▶ Saved data entries:
++++

(* Let $S\subseteq(0,1)$ be open, $f:S\to(0,1)$ differentiable, and consider a (possibly randomized) Bernoulli factory for $f$ that is fast. For $n\in\mathbb N$ let $\varphi_{n,1}(p)=\Pr[N=n,\ Y=1]$ when the inputs have parameter $p$. Then each $\varphi_{n,1}$ is differentiable on $S$ and the series $\sum_{n=1}^\infty \partial\varphi_{n,1}(p)/\partial p$ converges uniformly on every closed interval $[\zeta,\eta]\subseteq S$.
   Context: Let $X=(X_i)$ be i.i.d. Bernoulli with parameter $p\in S$ and $U=(U_i)$ i.i.d. uniform on $(0,1)$, independent of $X$. A (possibly randomized) Bernoulli factory for $f$ consists of measurable stopping functions $\tau_i(x_1,u_1;\dots;x_i,u_i)\in\{0,1\}$ and measurable output functions $\gamma_n(x_1,u_1;\dots;x_n,u_n)\in\{0,1\}$; $N=\min\{i:\tau_i(X_1,U_1;\dots;X_i,U_i)=1\}$ is assumed finite almost surely, and the output $Y=\gamma_N(X_1,U_1;\dots;X_N,U_N)$ satisfies $\Pr[Y=1]=f(p)$ for all $p\in S$. The factory is fast if for every $p\in S$ there exist $A>0$, $\beta<1$ with $\Pr[N>n]\le A\beta^n$ for all $n$. *)

From Stdlib Require Import Reals Lra Lia Classical ClassicalEpsilon.
Open Scope R_scope.

(** Infimum of a set of reals (0 if the set is empty or unbounded below). *)
Definition Rinf (E : R -> Prop) : R :=
  match excluded_middle_informative
          (bound (fun y => E (- y)) /\ exists y, E (- y)) with
  | left H => - proj1_sig (completeness _ (proj1 H) (proj2 H))
  | right _ => 0
  end.

Fixpoint prodR (n : nat) (g : nat -> R) : R :=
  match n with O => 1 | Datatypes.S m => prodR m g * g m end.

(** Points of R^n are represented by u : nat -> R, only u 0 .. u (n-1) matter. *)
Definition in_unit_cube (n : nat) (u : nat -> R) : Prop :=
  forall i, (i < n)%nat -> 0 < u i < 1.

Definition box_vol (n : nat) (a b : nat -> R) : R := prodR n (fun i => b i - a i).

(** Values of sum of volumes of countable covers by closed boxes of
    A ∩ (0,1)^n  (used k-th box iff c k = true). *)
Definition cover_values (n : nat) (A : (nat -> R) -> Prop) : R -> Prop :=
  fun s => exists (c : nat -> bool) (a b : nat -> nat -> R),
    (forall k i, a k i <= b k i) /\
    (forall u, in_unit_cube n u -> A u ->
       exists k, c k = true /\ forall i, (i < n)%nat -> a k i <= u i <= b k i) /\
    Un_cv (sum_f_R0 (fun k => if c k then box_vol n (a k) (b k) else 0)) s.

(** Lebesgue (outer) measure of A ∩ (0,1)^n, i.e. the law of (U_1,..,U_n). *)
Definition leb_measure (n : nat) (A : (nat -> R) -> Prop) : R :=
  Rinf (cover_values n A).

(** Borel subsets of R^n (as sets depending on the first n coordinates). *)
Inductive borel (n : nat) : ((nat -> R) -> Prop) -> Prop :=
| borel_box (a b : nat -> R) :
    borel n (fun u => forall i, (i < n)%nat -> a i < u i < b i)
| borel_compl A : borel n A -> borel n (fun u => ~ A u)
| borel_union (F : nat -> (nat -> R) -> Prop) :
    (forall k, borel n (F k)) -> borel n (fun u => exists k, F k u)
| borel_ext A B : borel n A -> (forall u, A u <-> B u) -> borel n B.

(** A randomized factory: tau i x u (i >= 1) is the stopping function
    tau_i(x_1,u_1;...;x_i,u_i) and gamma n x u the output function
    gamma_n(x_1,u_1;...;x_n,u_n), where x_j = x (j-1), u_j = u (j-1). *)
Definition causal (g : nat -> (nat -> bool) -> (nat -> R) -> bool) : Prop :=
  forall i x x' u u', (forall j, (j < i)%nat -> x j = x' j /\ u j = u' j) ->
    g i x u = g i x' u'.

++++

Each line of the entries above that has the word "bool" is to be copied.

▶ Response area:
  fun s => exists (c : nat -> bool) (a b : nat -> nat -> R),
Definition causal (g : nat -> (nat -> bool) -> (nat -> R) -> bool) : Prop :=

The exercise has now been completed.